(Saved entries)
○ ○ ○
(* Let $f_n=[\psi_1,\psi_1^*]\cdots[\psi_n,\psi_n^*]\in\mathrm{Cl}_q(n,k)$, where $[A,B]=AB-BA$, and let $\mathrm{Cl}_q^+(n,k)$ be the subalgebra generated by the elements of even degree for the $\mathbb{Z}_2$-grading. Let $\pi\colon\mathrm{Cl}_q(n,k)\to\mathrm{End}(W)$ be an irreducible representation. Then $W=W^+\oplus W^-$ with $W^\pm=(1\pm\pi(f_n))(W)$, and each $W^\pm$ is invariant under $\mathrm{Cl}_q^+(n,k)$.
   Context: Let $\mathbb{k}$ be a field of characteristic different from $2$, let $q\in\mathbb{k}^\times$, and let $n,k$ be positive integers. The quantum Clifford algebra $\mathrm{Cl}_q(n,k)$ is the unital associative $\mathbb{k}$-algebra generated by $\psi_a,\psi_a^*,\omega_a,\omega_a^{-1}$ for $a\in\{1,\dots,n\}$, subject to the relations (for all $a,b\in\{1,\dots,n\}$): $\omega_a\omega_b=\omega_b\omega_a$; $\omega_a\omega_a^{-1}=1$; $\omega_a\psi_b=q^{\delta_{ab}}\psi_b\omega_a$; $\omega_a\psi_b^*=q^{-\delta_{ab}}\psi_b^*\omega_a$; $\psi_a\psi_b+\psi_b\psi_a=0$; $\psi_a^*\psi_b^*+\psi_b^*\psi_a^*=0$; $\psi_a\psi_a^*+q^k\psi_a^*\psi_a=\omega_a^{-k}$; $\psi_a\psi_a^*+q^{-k}\psi_a^*\psi_a=\omega_a^{k}$; and $\psi_a\psi_b^*+\psi_b^*\psi_a=0$ if $a\neq b$. The $\mathbb{Z}_2$-grading (superalgebra structure) is given by declaring $\psi_a,\psi_a^*$ odd and $\omega_a^{\pm1}$ even. *)

From HB Require Import structures.
From mathcomp Require Import all_boot all_order all_algebra.
Set Implicit Arguments. Unset Strict Implicit. Unset Printing Implicit Defensive.
Import GRing.Theory.
Local Open Scope ring_scope.

(* A representation pi : Cl_q(n,k) -> End(W) on a K-vector space W, given by
   the images of the generators psi_a, psi_a^*, omega_a, omega_a^{-1}
   (a : 'I_n, i.e. a in {1,..,n} shifted to {0,..,n-1}), which are linear
   endomorphisms of W satisfying the defining relations of Cl_q(n,k). *)
Record ClRep (K : fieldType) (q : K) (n k : nat) (W : lmodType K) := {
  psi  : 'I_n -> W -> W;
  psis : 'I_n -> W -> W;
  om   : 'I_n -> W -> W;
  omi  : 'I_n -> W -> W;
  psi_lin  : forall a (c : K) (u v : W), psi a (c *: u + v) = c *: psi a u + psi a v;
  psis_lin : forall a (c : K) (u v : W), psis a (c *: u + v) = c *: psis a u + psis a v;
  om_lin   : forall a (c : K) (u v : W), om a (c *: u + v) = c *: om a u + om a v;
  omi_lin  : forall a (c : K) (u v : W), omi a (c *: u + v) = c *: omi a u + omi a v;
  rel_om_comm : forall a b v, om a (om b v) = om b (om a v);
  rel_om_omi : forall a v, om a (omi a v) = v;
  rel_omi_om : forall a v, omi a (om a v) = v;
  rel_om_psi : forall a b v, om a (psi b v) = (if a == b then q else 1) *: psi b (om a v);
  rel_om_psis : forall a b v,
      om a (psis b v) = (if a == b then q^-1 else 1) *: psis b (om a v);
  rel_psi_psi : forall a b v, psi a (psi b v) + psi b (psi a v) = 0;
  rel_psis_psis : forall a b v, psis a (psis b v) + psis b (psis a v) = 0;
  rel_psi_psis_minus : forall a v,
      psi a (psis a v) + q ^+ k *: psis a (psi a v) = iter k (omi a) v;
  rel_psi_psis_plus : forall a v,
      psi a (psis a v) + q ^- k *: psis a (psi a v) = iter k (om a) v;
  rel_psi_psis_ne : forall a b v, a != b -> psi a (psis b v) + psis b (psi a v) = 0
}.

Section Defs.
Variables (K : fieldType) (q : K) (n k : nat) (W : lmodType K).
Variable pi : ClRep q n k W.

Definition is_subspace (S : W -> Prop) :=
  S 0 /\ (forall (c : K) u v, S u -> S v -> S (c *: u + v)).

Inductive gen := GPsi of 'I_n | GPsiS of 'I_n | GOm of 'I_n | GOmi of 'I_n.

Definition gen_act (g : gen) : W -> W :=
  match g with
  | GPsi a => psi pi a | GPsiS a => psis pi a
  | GOm a => om pi a | GOmi a => omi pi a
  end.

Definition gen_odd (g : gen) : bool :=
  match g with GPsi _ | GPsiS _ => true | _ => false end.

Definition word_act (w : seq gen) : W -> W :=
  foldr (fun g f => gen_act g \o f) id w.

(* monomials of even Z_2-degree; they span Cl_q^+(n,k) *)
Definition even_word (w : seq gen) : bool := ~~ odd (count gen_odd w).

Definition irreducible : Prop :=
  (exists v : W, v != 0) /\
  forall S : W -> Prop, is_subspace S ->
    (forall g v, S v -> S (gen_act g v)) ->
    (forall v, S v -> v = 0) \/ (forall v, S v).

Definition comm_act (a : 'I_n) (v : W) : W :=
  psi pi a (psis pi a v) - psis pi a (psi pi a v).

Definition fn_act : W -> W :=
  foldr (fun a f => comm_act a \o f) id (enum 'I_n).

Definition Wplus (v : W) : Prop := exists u, v = u + fn_act u.
Definition Wminus (v : W) : Prop := exists u, v = u - fn_act u.

Definition direct_sum_decomp (S1 S2 : W -> Prop) : Prop :=
  (forall v, exists v1 v2, [/\ S1 v1, S2 v2 & v = v1 + v2]) /\
  (forall v, S1 v -> S2 v -> v = 0).

Definition Clplus_invariant (S : W -> Prop) : Prop :=
  forall w, even_word w -> forall v, S v -> S (word_act w v).

End Defs.

(* Each commutator c_a = [psi_a, psi*_a] is an involution: psi_a^2 and
   psi*_a^2 vanish because 2 != 0, and the two quadratic relations of
   Cl_q(n,k) then give c_a^2 = omega_a^k omega_a^-k = 1.  Moreover c_a
   anticommutes with psi_a, psi*_a and commutes with every other generator,
   so the pairwise commuting c_a multiply to an involution f_n which
   anticommutes with the odd generators and commutes with the even ones.
   For a linear involution F, (1 + F)(W) and (1 - F)(W) are the +1 and -1
   eigenspaces, complementary since 2 != 0, and both are preserved by every
   linear map commuting with F, in particular by the even monomials. *)

From HB Require Import structures.
From mathcomp Require Import all_boot all_order all_algebra.
Set Implicit Arguments. Unset Strict Implicit. Unset Printing Implicit Defensive.
Import GRing.Theory.
Local Open Scope ring_scope.

Lemma iter_can (T : Type) (f g : T -> T) m :
  cancel g f -> cancel (iter m g) (iter m f).
Proof. by move=> gK; elim: m => [|m IHm] x //; rewrite iterSr iterS gK IHm. Qed.

Section Involution.
Variables (K : fieldType) (W : lmodType K).
Hypothesis two_neq0 : (2%:R : K) != 0.

Lemma addvv_eq0 (u : W) : u + u = 0 -> u = 0.
Proof.
move=> uu0; have : (2%:R : K) *: u == 0 by rewrite scaler_nat mulr2n uu0.
by rewrite scaler_eq0 (negbTE two_neq0) => /eqP.
Qed.

Definition image_idD (F : W -> W) (v : W) : Prop := exists u, v = u + F u.

Variable F : {linear W -> W}.

Lemma image_idD_subspace : is_subspace (image_idD F).
Proof.
split; first by exists 0; rewrite linear0 addr0.
move=> c _ _ [u1 ->] [u2 ->]; exists (c *: u1 + u2).
by rewrite linearP scalerDr addrACA.
Qed.

Lemma image_idD_invariant (g : {linear W -> W}) :
  (forall v, g (F v) = F (g v)) -> forall v, image_idD F v -> image_idD F (g v).
Proof. by move=> gF _ [u ->]; exists (g u); rewrite linearD gF. Qed.

Lemma involution_direct_sum :
  involutive F -> direct_sum_decomp (image_idD F) (image_idD (\- F)).
Proof.
move=> FK; split=> [v | _ [u ->] [u' e]].
  pose h := (2%:R : K)^-1 *: v.
  exists (h + F h), (h - F h); split; [by exists h | by exists h |].
  by rewrite addrACA subrr addr0 -mulr2n -scaler_nat scalerA mulfV ?scale1r.
apply: (addvv_eq0 (u := u + F u)).
have fixed : F (u + F u) = u + F u by rewrite linearD FK addrC.
have negated : F (u + F u) = - (u + F u) by rewrite e linearB /= FK opprB.
by rewrite -{1}fixed negated addNr.
Qed.

End Involution.

Section Commutators.
Variables (K : fieldType) (q : K) (n k : nat) (W : lmodType K).
Variable pi : ClRep q n k W.
Hypotheses (two_neq0 : (2%:R : K) != 0) (q_neq0 : q != 0).

Local Notation psi := (psi pi).
Local Notation psis := (psis pi).
Local Notation om := (om pi).
Local Notation omi := (omi pi).
Local Notation comm_act := (comm_act pi).
Local Notation fn_act := (fn_act pi).

HB.instance Definition _ a := GRing.isLinear.Build K W W *:%R (psi a) (psi_lin pi a).
HB.instance Definition _ a := GRing.isLinear.Build K W W *:%R (psis a) (psis_lin pi a).
HB.instance Definition _ a := GRing.isLinear.Build K W W *:%R (om a) (om_lin pi a).
HB.instance Definition _ a := GRing.isLinear.Build K W W *:%R (omi a) (omi_lin pi a).

Lemma gen_act_is_linear g : linear (gen_act pi g).
Proof. by case: g => a c u v; rewrite /= linearP. Qed.
HB.instance Definition _ g :=
  GRing.isLinear.Build K W W *:%R (gen_act pi g) (gen_act_is_linear g).

Lemma word_act_is_linear w : linear (word_act pi w).
Proof. by elim: w => [|g w IHw] c u v //=; rewrite IHw linearP. Qed.
HB.instance Definition _ w :=
  GRing.isLinear.Build K W W *:%R (word_act pi w) (word_act_is_linear w).

Lemma comm_act_is_linear a : linear (comm_act a).
Proof. by move=> c u v; rewrite /comm_act !linearP /= scalerN scalerBr addrACA. Qed.
HB.instance Definition _ a :=
  GRing.isLinear.Build K W W *:%R (comm_act a) (comm_act_is_linear a).

Lemma psi2_eq0 a v : psi a (psi a v) = 0.
Proof. exact/addvv_eq0/rel_psi_psi. Qed.

Lemma psis2_eq0 a v : psis a (psis a v) = 0.
Proof. exact/addvv_eq0/rel_psis_psis. Qed.

Lemma comm_act_psi a b v :
  comm_act a (psi b v) = (-1) ^+ (a == b) *: psi b (comm_act a v).
Proof.
rewrite /comm_act; have [<-|neq_ab] := eqVneq a b.
  by rewrite psi2_eq0 linear0 subr0 linearB /= psi2_eq0 sub0r scaleN1r opprK.
have psi_psi w : psi a (psi b w) = - psi b (psi a w).
  exact/esym/addr0_eq/rel_psi_psi.
have psis_psi w : psis a (psi b w) = - psi b (psis a w).
  by apply/esym/addr0_eq/rel_psi_psis_ne; rewrite eq_sym.
rewrite expr0 scale1r linearB /= psis_psi psi_psi linearN /= linearN /=.
by rewrite psi_psi psis_psi !opprK.
Qed.

Lemma comm_act_psis a b v :
  comm_act a (psis b v) = (-1) ^+ (a == b) *: psis b (comm_act a v).
Proof.
rewrite /comm_act; have [<-|neq_ab] := eqVneq a b.
  by rewrite psis2_eq0 linear0 sub0r linearB /= psis2_eq0 subr0 scaleN1r.
have psis_psis w : psis a (psis b w) = - psis b (psis a w).
  exact/esym/addr0_eq/rel_psis_psis.
have psi_psis w : psi a (psis b w) = - psis b (psi a w).
  by apply/esym/addr0_eq; rewrite addrC; apply: rel_psi_psis_ne.
rewrite expr0 scale1r linearB /= psi_psis psis_psis linearN /= linearN /=.
by rewrite psis_psis psi_psis !opprK.
Qed.

Lemma comm_act_om a b v : comm_act a (om b v) = om b (comm_act a v).
Proof.
have qqV (s : bool) : (if s then q else 1) * (if s then q^-1 else 1) = 1.
  by case: s; rewrite ?mulfV ?mulr1.
have qVq (s : bool) : (if s then q^-1 else 1) * (if s then q else 1) = 1.
  by case: s; rewrite ?mulVf ?mulr1.
rewrite /comm_act linearB /= rel_om_psi rel_om_psis rel_om_psis rel_om_psi.
by rewrite [psi a (_ *: _)]linearZZ [psis a (_ *: _)]linearZZ !scalerA qqV qVq !scale1r.
Qed.

Lemma comm_act_omi a b v : comm_act a (omi b v) = omi b (comm_act a v).
Proof. by rewrite -[LHS](rel_omi_om pi b) -comm_act_om rel_om_omi. Qed.

Definition gen_index (g : gen n) : 'I_n :=
  match g with GPsi a | GPsiS a | GOm a | GOmi a => a end.

Lemma comm_act_gen a g v :
  comm_act a (gen_act pi g v) =
  (-1) ^+ (gen_odd g && (a == gen_index g)) *: gen_act pi g (comm_act a v).
Proof.
case: g => b /=; rewrite ?comm_act_psi ?comm_act_psis //.
  by rewrite comm_act_om scale1r.
by rewrite comm_act_omi scale1r.
Qed.

Lemma comm_actK a : involutive (comm_act a).
Proof.
(* Left multiplying psi psi* + q^k psi* psi = omega^-k by psi psi* and by
   psi* psi expresses both surviving terms of c_a^2 through omega^-k. *)
move=> v; set w := iter k (omi a) v.
have minus_rel : q ^+ k *: psis a (psi a v) + psi a (psis a v) = w.
  by rewrite addrC; apply: rel_psi_psis_minus.
have PSw : psi a (psis a w) = psi a (psis a (psi a (psis a v))).
  rewrite -minus_rel [psis a _]linearP [psi a _]linearP /=.
  by rewrite psis2_eq0 linear0 scaler0 add0r.
have SPw : psis a (psi a w) = q ^+ k *: psis a (psi a (psis a (psi a v))).
  by rewrite -minus_rel [psi a _]linearP [psis a _]linearP /= psi2_eq0 linear0 addr0.
have SPSP : psis a (psi a (psis a (psi a v))) = q ^- k *: psis a (psi a w).
  by rewrite SPw scalerA mulVf ?expf_neq0 // scale1r.
rewrite -[RHS](iter_can k (rel_om_omi pi a) v) -/w -rel_psi_psis_plus PSw -SPSP.
by rewrite /comm_act !linearB /= psis2_eq0 psi2_eq0 !linear0 addr0 sub0r opprK.
Qed.

Lemma comm_act_comm a b v :
  a != b -> comm_act a (comm_act b v) = comm_act b (comm_act a v).
Proof.
move=> /negbTE neq_ab.
have -> : comm_act b v = psi b (psis b v) - psis b (psi b v) by [].
rewrite linearB /= comm_act_psi comm_act_psis comm_act_psis comm_act_psi neq_ab.
by rewrite !expr0 !scale1r.
Qed.

Definition comm_prod (l : seq 'I_n) : W -> W :=
  foldr (fun a f => comm_act a \o f) id l.

Lemma comm_prod_is_linear l : linear (comm_prod l).
Proof. by elim: l => [|a l IHl] c u v //=; rewrite IHl linearP. Qed.
HB.instance Definition _ l :=
  GRing.isLinear.Build K W W *:%R (comm_prod l) (comm_prod_is_linear l).

Lemma comm_prod_gen l g v :
  comm_prod l (gen_act pi g v) =
  (-1) ^+ count (fun a => gen_odd g && (a == gen_index g)) l
    *: gen_act pi g (comm_prod l v).
Proof.
elim: l => [|a l IHl] /=; first by rewrite scale1r.
by rewrite IHl linearZZ /= comm_act_gen scalerA -exprD addnC.
Qed.

Lemma comm_act_prod a l v :
  a \notin l -> comm_act a (comm_prod l v) = comm_prod l (comm_act a v).
Proof.
elim: l v => [|b l IHl] v //=; rewrite in_cons negb_or => /andP[neq_ab a_l].
by rewrite comm_act_comm // IHl.
Qed.

Lemma comm_prodK l : uniq l -> involutive (comm_prod l).
Proof.
elim: l => [|a l IHl] //= /andP[a_l uniq_l] v /=.
by rewrite -comm_act_prod // comm_actK IHl.
Qed.

HB.instance Definition _ :=
  GRing.isLinear.Build K W W *:%R fn_act (comm_prod_is_linear (enum 'I_n)).

Lemma fn_actK : involutive fn_act.
Proof. exact: comm_prodK (enum_uniq _). Qed.

Lemma fn_act_gen g v :
  fn_act (gen_act pi g v) = (-1) ^+ gen_odd g *: gen_act pi g (fn_act v).
Proof.
rewrite [LHS]comm_prod_gen; congr (_ ^+ _ *: _).
case: (gen_odd g) => /=; last exact: count_pred0.
by rewrite (count_uniq_mem _ (enum_uniq _)) mem_enum.
Qed.

Lemma fn_act_word w v :
  fn_act (word_act pi w v) =
  (-1) ^+ count (@gen_odd n) w *: word_act pi w (fn_act v).
Proof.
elim: w => [|g w IHw] /=; first by rewrite scale1r.
by rewrite fn_act_gen IHw linearZZ scalerA -exprD.
Qed.

Lemma fn_act_even_word w v :
  even_word w -> fn_act (word_act pi w v) = word_act pi w (fn_act v).
Proof. by move=> /negbTE ew; rewrite fn_act_word -signr_odd ew scale1r. Qed.

End Commutators.

Theorem proposition4p7 (K : fieldType) (hK : (2%:R : K) != 0)
  (q : K) (hq : q != 0) (n k : nat) (hn : (0 < n)%N) (hk : (0 < k)%N)
  (W : lmodType K) (pi : ClRep q n k W) :
  irreducible pi ->
  [/\ direct_sum_decomp (Wplus pi) (Wminus pi),
      is_subspace (Wplus pi), is_subspace (Wminus pi),
      Clplus_invariant pi (Wplus pi) & Clplus_invariant pi (Wminus pi)].
Proof.
move=> _.
have fn_act_comm w : even_word w ->
    forall v, word_act pi w (fn_act pi v) = fn_act pi (word_act pi w v).
  by move=> ew v; rewrite fn_act_even_word.
split.
- exact/involution_direct_sum/fn_actK.
- exact: (image_idD_subspace (fn_act pi)).
- exact: (image_idD_subspace (\- fn_act pi)).
- by move=> w /fn_act_comm; apply: image_idD_invariant.
- move=> w /fn_act_comm wF; apply: (image_idD_invariant (F := \- fn_act pi)) => v /=.
  by rewrite linearN /= wF.
Qed.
○ ○ ○
- Exercise instructions -
For the records above, state how many lines include "mathbb", giving no more than the number.

- Your solution -
2